Among the entries below, one stretch runs from the line that contains "Definition vhomog d" through the line that contains "move=> hF; rewrite /vhomog big_ord_recr". Repeat that stretch exactly, ends included, and only that.

:::::

Lemma fat_poly_dvdP h (G : {poly k}) :
  (forall t, ('X - (rho t)%:P) ^+ (m t - h) %| G) -> fat_poly h %| G.
Proof.
move=> dvdG; rewrite /fat_poly; elim: (index_enum _) (index_enum_uniq 'I_s) => [|t r IH].
  by rewrite big_nil dvd1p.
move=> /= /andP[tr ur]; rewrite big_cons Gauss_dvdp ?dvdG ?IH //.
apply: coprimep_expl; rewrite coprimep_sym coprimep_XsubC /root horner_prod.
rewrite prodf_seq_neq0; apply/allP => u ur' /=; rewrite horner_exp hornerXsubC.
apply: expf_neq0; rewrite subr_eq0; apply: contraNneq tr => /rho_inj ->.
by [].
Qed.

Lemma size_fat_poly h : size (fat_poly h) = (a h).+1.
Proof.
rewrite /fat_poly /a; elim: (index_enum _) => [|t r IH]; first by rewrite !big_nil size_poly1.
rewrite !big_cons size_Mmonic ?IH ?size_exp_XsubC ?addSn ?addnS //.
- by rewrite expf_neq0 // polyXsubC_eq0.
- by apply: monic_prod => u _; apply/monic_exp/monicXsubC.
Qed.

Lemma fat_poly_neq0 h : fat_poly h != 0.
Proof. by rewrite -size_poly_eq0 size_fat_poly. Qed.

Lemma size_modp_fat_poly h (F : {poly k}) : (size (F %% fat_poly h)%R <= a h)%N.
Proof. by have := ltn_modp F (fat_poly h); rewrite fat_poly_neq0 size_fat_poly ltnS. Qed.

Lemma a_eq0 h : (\max_(t < s) m t <= h)%N -> a h = 0%N.
Proof.
move=> hh; apply/eqP; rewrite sum_nat_eq0; apply/forallP => t; apply/implyP => _.
by rewrite subn_eq0 (leq_trans _ hh) // (leq_bigmax t).
Qed.

Lemma dehom_in_pt_ideal_pow t f h : in_pt_ideal_pow r0 r1 (q0 t) (q1 t) (m t) f ->
  ('X - (rho t)%:P) ^+ (m t - h) %| (dehom f)`_h.
Proof.
case=> g ->; rewrite dehom_sum coef_sum.
apply: (big_ind (fun p => ('X - (rho t)%:P) ^+ (m t - h) %| p)) => [|p q|u _].
- exact: dvdp0.
- exact: dvdp_add.
rewrite !dehomM !dehomX dehom_u0 dehom_L2 -rmorphXn coefMC coefMXn.
case: ifP => hu; first by rewrite mul0r dvdp0.
apply: dvdp_mull; rewrite exprZn dvdpZr ?expf_neq0 ?lam_neq0 //.
by rewrite dvdp_exp2l // leq_sub2l // leqNgt hu.
Qed.

Lemma fat_poly_dvd_dehom f h : I f -> fat_poly h %| (dehom f)`_h.
Proof. by move=> If; apply: fat_poly_dvdP => t; apply: dehom_in_pt_ideal_pow. Qed.

Definition vhomog d (F : {poly k}) : {mpoly k[4]} :=
  \sum_(l < d.+1) F`_l *: (y0 ^+ l * v1 ^+ (d - l)).

Lemma vhomogZ d c (F : {poly k}) : vhomog d (c *: F) = c *: vhomog d F.
Proof. by rewrite /vhomog scaler_sumr; apply: eq_bigr => l _; rewrite coefZ scalerA. Qed.

Lemma vhomogD d (F G : {poly k}) : vhomog d (F + G) = vhomog d F + vhomog d G.
Proof. by rewrite /vhomog -big_split; apply: eq_bigr => l _; rewrite coefD scalerDl. Qed.

Lemma vhomogB d (F G : {poly k}) : vhomog d (F - G) = vhomog d F - vhomog d G.
Proof. by rewrite vhomogD -scaleN1r vhomogZ scaleN1r. Qed.

Lemma vhomog0 d : vhomog d 0 = 0.
Proof. by rewrite -(scale0r 0) vhomogZ scale0r. Qed.

Lemma vhomog_mulX d (F : {poly k}) : (size F <= d.+1)%N ->
  vhomog d.+1 ('X * F) = y0 * vhomog d F.
Proof.
move=> hF; rewrite /vhomog big_ord_recl coefXM eqxx scale0r add0r mulr_sumr.
by apply: eq_bigr => l _; rewrite coefXM /= add0n /bump /= add1n subSS -scalerAr exprS mulrA.
Qed.

Lemma vhomogS d (F : {poly k}) : (size F <= d.+1)%N -> vhomog d.+1 F = v1 * vhomog d F.
Proof.
move=> hF; rewrite /vhomog big_ord_recr /= nth_default // scale0r addr0 mulr_sumr.
apply: eq_bigr => l _; rewrite /= -scalerAr subSn 1?exprS; last by rewrite -ltnS.
by congr (_ *: _); move: y0 v1 => Y0 V1; ring.
Qed.

Lemma vhomog_mulXsubC d (F : {poly k}) c : (size F <= d.+1)%N ->
  vhomog d.+1 (F * ('X - c%:P)) = vhomog d F * (y0 - c *: v1).
Proof.
move=> hF; rewrite mulrBr mulrC [F * _]mulrC mul_polyC vhomogB vhomog_mulX //.
by rewrite vhomogZ vhomogS // -!mul_mpolyC; move: (vhomog d F) y0 v1 => A Y0 V1; ring.
Qed.

Lemma size_mul_expXsubC (F : {poly k}) d c n : (size F <= d.+1)%N ->
  (size (F * ('X - c%:P) ^+ n)%R <= (d + n).+1)%N.
Proof.
move=> hF; apply: leq_trans (size_polyMleq _ _) _.
by rewrite size_exp_XsubC addnS /= -addSn leq_add2r.
Qed.

Lemma vhomog_mul_expXsubC d (F : {poly k}) c n : (size F <= d.+1)%N ->
  vhomog (d + n) (F * ('X - c%:P) ^+ n) = vhomog d F * (y0 - c *: v1) ^+ n.
Proof.
move=> hF; elim: n => [|n IH]; first by rewrite addn0 !expr0 !mulr1.
by rewrite addnS !exprSr !mulrA vhomog_mulXsubC ?IH ?size_mul_expXsubC.
Qed.

Lemma vhomog_mul_fat_poly d h (F : {poly k}) : (size F <= d.+1)%N ->
  vhomog (d + a h) (F * fat_poly h) =
  vhomog d F * \prod_(t < s) (y0 - rho t *: v1) ^+ (m t - h).
Proof.
rewrite /fat_poly /a; elim: (index_enum _) d F => [|t r IH] d F hF.
  by rewrite !big_nil addn0 !mulr1.
by rewrite !big_cons addnA !mulrA IH ?vhomog_mul_expXsubC ?size_mul_expXsubC.
Qed.

Lemma sum_coef_uv_monomial ii jj h (F : {poly k}) :
  \sum_(l < jj.+1) F`_l *: uv_monomial ii jj h l = u0 ^+ h * u1 ^+ (ii - h) * vhomog jj F.
Proof.
rewrite /vhomog mulr_sumr; apply: eq_bigr => l _.
by rewrite /uv_monomial -scalerAr !mulrA.
Qed.

Lemma fat_ideal_mul_fat_poly ii jj h (F : {poly k}) : (size F <= jj.+1)%N ->
  I (u0 ^+ h * u1 ^+ (ii - h) * vhomog jj (F %/ fat_poly h * fat_poly h)).
Proof.
move=> hF; set Q := F %/ fat_poly h.
have sizeQ : size Q = (size F - a h)%N by rewrite size_divp ?fat_poly_neq0 // size_fat_poly.
have [ha|ha] := leqP (a h) jj; last first.
  suff -> : Q = 0 by rewrite mul0r vhomog0 mulr0 => t; apply: in_pt_ideal_pow0.
  by apply/eqP; rewrite -size_poly_eq0 sizeQ subn_eq0 (leq_trans hF).
rewrite -(subnK ha) vhomog_mul_fat_poly; last by rewrite sizeQ -subSn // leq_sub2r.
move=> u; rewrite (bigD1 u) //=.
have -> : y0 - rho u *: v1 = (lam u)^-1 *: L2 u by rewrite L2E scalerA mulVf ?scale1r ?lam_neq0.
set G := vhomog _ Q; set P := \prod_(t | _) _; rewrite exprZn.
have -> : u0 ^+ h * u1 ^+ (ii - h) * (G * ((lam u)^-1 ^+ (m u - h) *: L2 u ^+ (m u - h) * P))
  = (lam u)^-1 ^+ (m u - h) *: (u1 ^+ (ii - h) * G * P * u0 ^+ h * L2 u ^+ (m u - h)).
  rewrite -!mul_mpolyC.
  by move: (u0 ^+ h) (u1 ^+ (ii - h)) G (L2 u ^+ (m u - h)) P => A1 A2 A3 A4 A5; ring.
exact/in_pt_ideal_powZ/in_pt_ideal_pow_mul.
Qed.

Lemma dehom_sum_uv_monomial ii jj (C : nat -> nat -> k) :
  dehom (\sum_(h < ii.+1) \sum_(l < jj.+1) C h l *: uv_monomial ii jj h l) =
  \poly_(h < ii.+1) \poly_(l < jj.+1) C h l.
Proof.
rewrite dehom_sum poly_def; apply: eq_bigr => h _.
rewrite dehom_sum -mul_polyC poly_def rmorph_sum mulr_suml; apply: eq_bigr => l _.
rewrite dehomZ dehom_uv_monomial -mul_polyC rmorphM /=.
by move: ('X^h) (('X^l)%:P) => Xh Yl; ring.
Qed.

Definition reduced_form ii jj (f : {mpoly k[4]}) : {mpoly k[4]} :=
  \sum_(h < ii.+1) u0 ^+ h * u1 ^+ (ii - h) * vhomog jj ((dehom f)`_h %% fat_poly h).

Lemma sub_reduced_form_in_fat_ideal ii jj f : bihomog ii jj f -> I (f - reduced_form ii jj f).
Proof.
move=> /bihomog_uv_span [C fE].
pose F h := \poly_(l < jj.+1) C h l.
have dehom_fE h : (h < ii.+1)%N -> (dehom f)`_h = F h.
  by move=> hh; rewrite fE dehom_sum_uv_monomial coef_poly hh.
have {}fE : f = \sum_(h < ii.+1) u0 ^+ h * u1 ^+ (ii - h) * vhomog jj (F h).
  rewrite fE; apply: eq_bigr => h _; rewrite -sum_coef_uv_monomial.
  by apply: eq_bigr => l _; rewrite coef_poly ltn_ord.
rewrite /reduced_form {1}fE -sumrB; apply: fat_ideal_sum => h _.
rewrite dehom_fE // -mulrBr -vhomogB {1}(divp_eq (F h) (fat_poly h)) addrK.
exact/fat_ideal_mul_fat_poly/size_poly.
Qed.

Definition coord (f : {mpoly k[4]}) (x : nat * nat) : k :=
  ((dehom f)`_x.1 %% fat_poly x.1)`_x.2.

Lemma coordD f g x : coord (f + g) x = coord f x + coord g x.
Proof. by rewrite /coord dehomD coefD modpD coefD. Qed.

Lemma coordZ c f x : coord (c *: f) x = c * coord f x.
Proof. by rewrite /coord dehomZ coefCM mul_polyC modpZl coefZ. Qed.

Lemma coord_fat_ideal f x : I f -> coord f x = 0.
Proof. by move=> If; rewrite /coord modp_eq0 ?coef0 // fat_poly_dvd_dehom. Qed.

Lemma coord_uv_monomial ii jj h l h' l' : (l < a h)%N ->
  coord (uv_monomial ii jj h l) (h', l') = ((h == h') && (l == l'))%:R.
Proof.
move=> hl; rewrite /coord /= dehom_uv_monomial coefXnM.
have [<-|ne] := eqVneq h h'.
  rewrite ltnn subnn coefC eqxx modp_small ?coefXn 1?eq_sym //.
  by rewrite size_polyXn size_fat_poly ltnS.
suff -> : (if (h' < h)%N then 0 else (('X^l)%:P)`_(h' - h)) = 0 :> {poly k}.
  by rewrite mod0p coef0.
by case: ltnP => // hh; rewrite coefC subn_eq0 leqNgt ltn_neqAle ne hh.
Qed.

Definition hrange i := minn i.+1 (\max_(t < s) m t).

Definition coord_index i j :=
  [pred x : 'I_(hrange i) * 'I_j.+1 | (x.2 < minn j.+1 (a x.1))%N].

Lemma card_coord_index i j : #|coord_index i j| = (\sum_(h < hrange i) minn j.+1 (a h))%N.
Proof.
rewrite -sum1_card (eq_bigl (fun x : 'I_(hrange i) * 'I_j.+1 => xpredT x.1 && (x.2 < minn j.+1 (a x.1))%N)) //.
rewrite -(pair_big_dep xpredT (fun (h : 'I_(hrange i)) (l : 'I_j.+1) => (l < minn j.+1 (a h))%N) (fun _ _ => 1%N)).
apply: eq_bigr => h _ /=.
by rewrite -(big_ord_widen _ (fun _ => 1%N)) ?geq_minl // sum1_card card_ord.
Qed.

Lemma sum_coord_index i j f :
  \sum_(x | coord_index i j x) coord f (x.1 : nat, x.2 : nat) *: uv_monomial i j x.1 x.2 =
  reduced_form i j f.
Proof.
rewrite (eq_bigl (fun x : 'I_(hrange i) * 'I_j.+1 => xpredT x.1 && (x.2 < minn j.+1 (a x.1))%N)) //.
rewrite -(pair_big_dep xpredT (fun (h : 'I_(hrange i)) (l : 'I_j.+1) => (l < minn j.+1 (a h))%N)
   (fun h l => coord f (h : nat, l : nat) *: uv_monomial i j h l)) /=.
pose R h := u0 ^+ h * u1 ^+ (i - h) * vhomog j ((dehom f)`_h %% fat_poly h).
transitivity (\sum_(h < hrange i) R h).
  apply: eq_bigr => h _; rewrite /R -sum_coef_uv_monomial big_mkcond.
  apply: eq_bigr => l _ /=; case: ifPn => // hl; rewrite nth_default ?scale0r //.
  by apply: leq_trans (size_modp_fat_poly _ _) _; move: hl; rewrite ltn_min ltn_ord -leqNgt.
rewrite /reduced_form (big_ord_widen _ R (geq_minl _ _)) big_mkcond; apply: eq_bigr => h _.
case: ifPn => // /negbTE hh; move: hh; rewrite ltn_min ltn_ord /= => /negbT; rewrite -leqNgt.
move=> /a_eq0 ah0; have := size_modp_fat_poly h (dehom f)`_h.
by rewrite ah0 leqn0 size_poly_eq0 /R => /eqP ->; rewrite vhomog0 mulr0.
Qed.

Lemma hilb_is_fat_points_on_line i j :
  hilb_is r0 r1 q0 q1 m i j (\sum_(h < hrange i) minn j.+1 (a h)).
Proof.
rewrite -card_coord_index /hilb_is; apply: (quot_dim_is_dual_basis_fin (P := coord_index i j)
  (b := fun x => uv_monomial i j x.1 x.2) (coord := fun f x => coord f (x.1 : nat, x.2 : nat))).
- move=> [h l] _; apply: bihomog_uv_monomial; rewrite -ltnS //.
  exact: leq_trans (ltn_ord h) (geq_minl _ _).
- by move=> f g x; apply: coordD.
- by move=> c f x; apply: coordZ.
- by move=> f If x; apply: coord_fat_ideal.
- move=> [h l] [h' l'] /= hl _; rewrite coord_uv_monomial ?xpair_eqE //.
  exact: leq_trans hl (geq_minr _ _).
- by move=> f hf; rewrite sum_coord_index; apply: sub_reduced_form_in_fat_ideal.
Qed.

End FatPointsOnLine.

Lemma P1pt_bezout (k : closedFieldType) (r0 r1 : k) : P1pt r0 r1 ->
  exists e0 e1 : k, r1 * e0 - r0 * e1 = 1.
Proof.
case/orP => hr.
  by exists 0, (- r0^-1); rewrite mulr0 sub0r mulrN opprK divff.
by exists r1^-1, 0; rewrite mulr0 subr0 divff.
Qed.

Lemma exists_off_points (k : closedFieldType) s (q0 q1 : 'I_s -> k) :
  (forall t, P1pt (q0 t) (q1 t)) -> exists z, forall t, q1 t - q0 t * z != 0.
Proof.
move=> hq; pose p := \prod_(t < s) ((q1 t)%:P - q0 t *: 'X : {poly k}).
have factor_neq0 t : (q1 t)%:P - q0 t *: 'X != 0 :> {poly k}.
  apply: contraTneq (hq t) => /polyP e; rewrite /P1pt negb_or !negbK.
  move: (e 0%N) (e 1%N); rewrite !coefE /= mulr0 mulr1 subr0 sub0r => -> /eqP.
  by rewrite oppr_eq0 => -> /=; rewrite eqxx.
have [z] := closed_nonrootP p (introT (prodf_neq0 _ _) (fun t _ => factor_neq0 t)).
rewrite /root horner_prod prodf_seq_neq0 => /allP hz; exists z => t.
by have := hz t (mem_index_enum t); rewrite !hornerE mulrC.
Qed.

Theorem theorem2p2 (k : closedFieldType) (s : nat) (r0 r1 : k)
    (q0 q1 : 'I_s -> k) (m : 'I_s -> nat) :
  (0 < s)%N ->
  P1pt r0 r1 ->
  (forall t, P1pt (q0 t) (q1 t)) ->
  (forall t u, t != u -> P1distinct (q0 t) (q1 t) (q0 u) (q1 u)) ->
  (forall t, 0 < m t)%N ->
  let M := (\max_(t < s) m t)%N in
  let a := fun h : nat => (\sum_(t < s) (m t - h))%N in
  forall i j : nat,
    hilb_is r0 r1 q0 q1 m i j (\sum_(h < minn i.+1 M) minn j.+1 (a h))%N.
Proof.
move=> _ hr hq Q_distinct _ M a i j.
have [e0 [e1 bezout_e]] := P1pt_bezout hr.
have [z lam_neq0] := exists_off_points hq.
exact: hilb_is_fat_points_on_line bezout_e lam_neq0 Q_distinct i j.
Qed.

:::::

Answer to the exercise =
Definition vhomog d (F : {poly k}) : {mpoly k[4]} :=
  \sum_(l < d.+1) F`_l *: (y0 ^+ l * v1 ^+ (d - l)).

Lemma vhomogZ d c (F : {poly k}) : vhomog d (c *: F) = c *: vhomog d F.
Proof. by rewrite /vhomog scaler_sumr; apply: eq_bigr => l _; rewrite coefZ scalerA. Qed.

Lemma vhomogD d (F G : {poly k}) : vhomog d (F + G) = vhomog d F + vhomog d G.
Proof. by rewrite /vhomog -big_split; apply: eq_bigr => l _; rewrite coefD scalerDl. Qed.

Lemma vhomogB d (F G : {poly k}) : vhomog d (F - G) = vhomog d F - vhomog d G.
Proof. by rewrite vhomogD -scaleN1r vhomogZ scaleN1r. Qed.

Lemma vhomog0 d : vhomog d 0 = 0.
Proof. by rewrite -(scale0r 0) vhomogZ scale0r. Qed.

Lemma vhomog_mulX d (F : {poly k}) : (size F <= d.+1)%N ->
  vhomog d.+1 ('X * F) = y0 * vhomog d F.
Proof.
move=> hF; rewrite /vhomog big_ord_recl coefXM eqxx scale0r add0r mulr_sumr.
by apply: eq_bigr => l _; rewrite coefXM /= add0n /bump /= add1n subSS -scalerAr exprS mulrA.
Qed.

Lemma vhomogS d (F : {poly k}) : (size F <= d.+1)%N -> vhomog d.+1 F = v1 * vhomog d F.
Proof.
move=> hF; rewrite /vhomog big_ord_recr /= nth_default // scale0r addr0 mulr_sumr.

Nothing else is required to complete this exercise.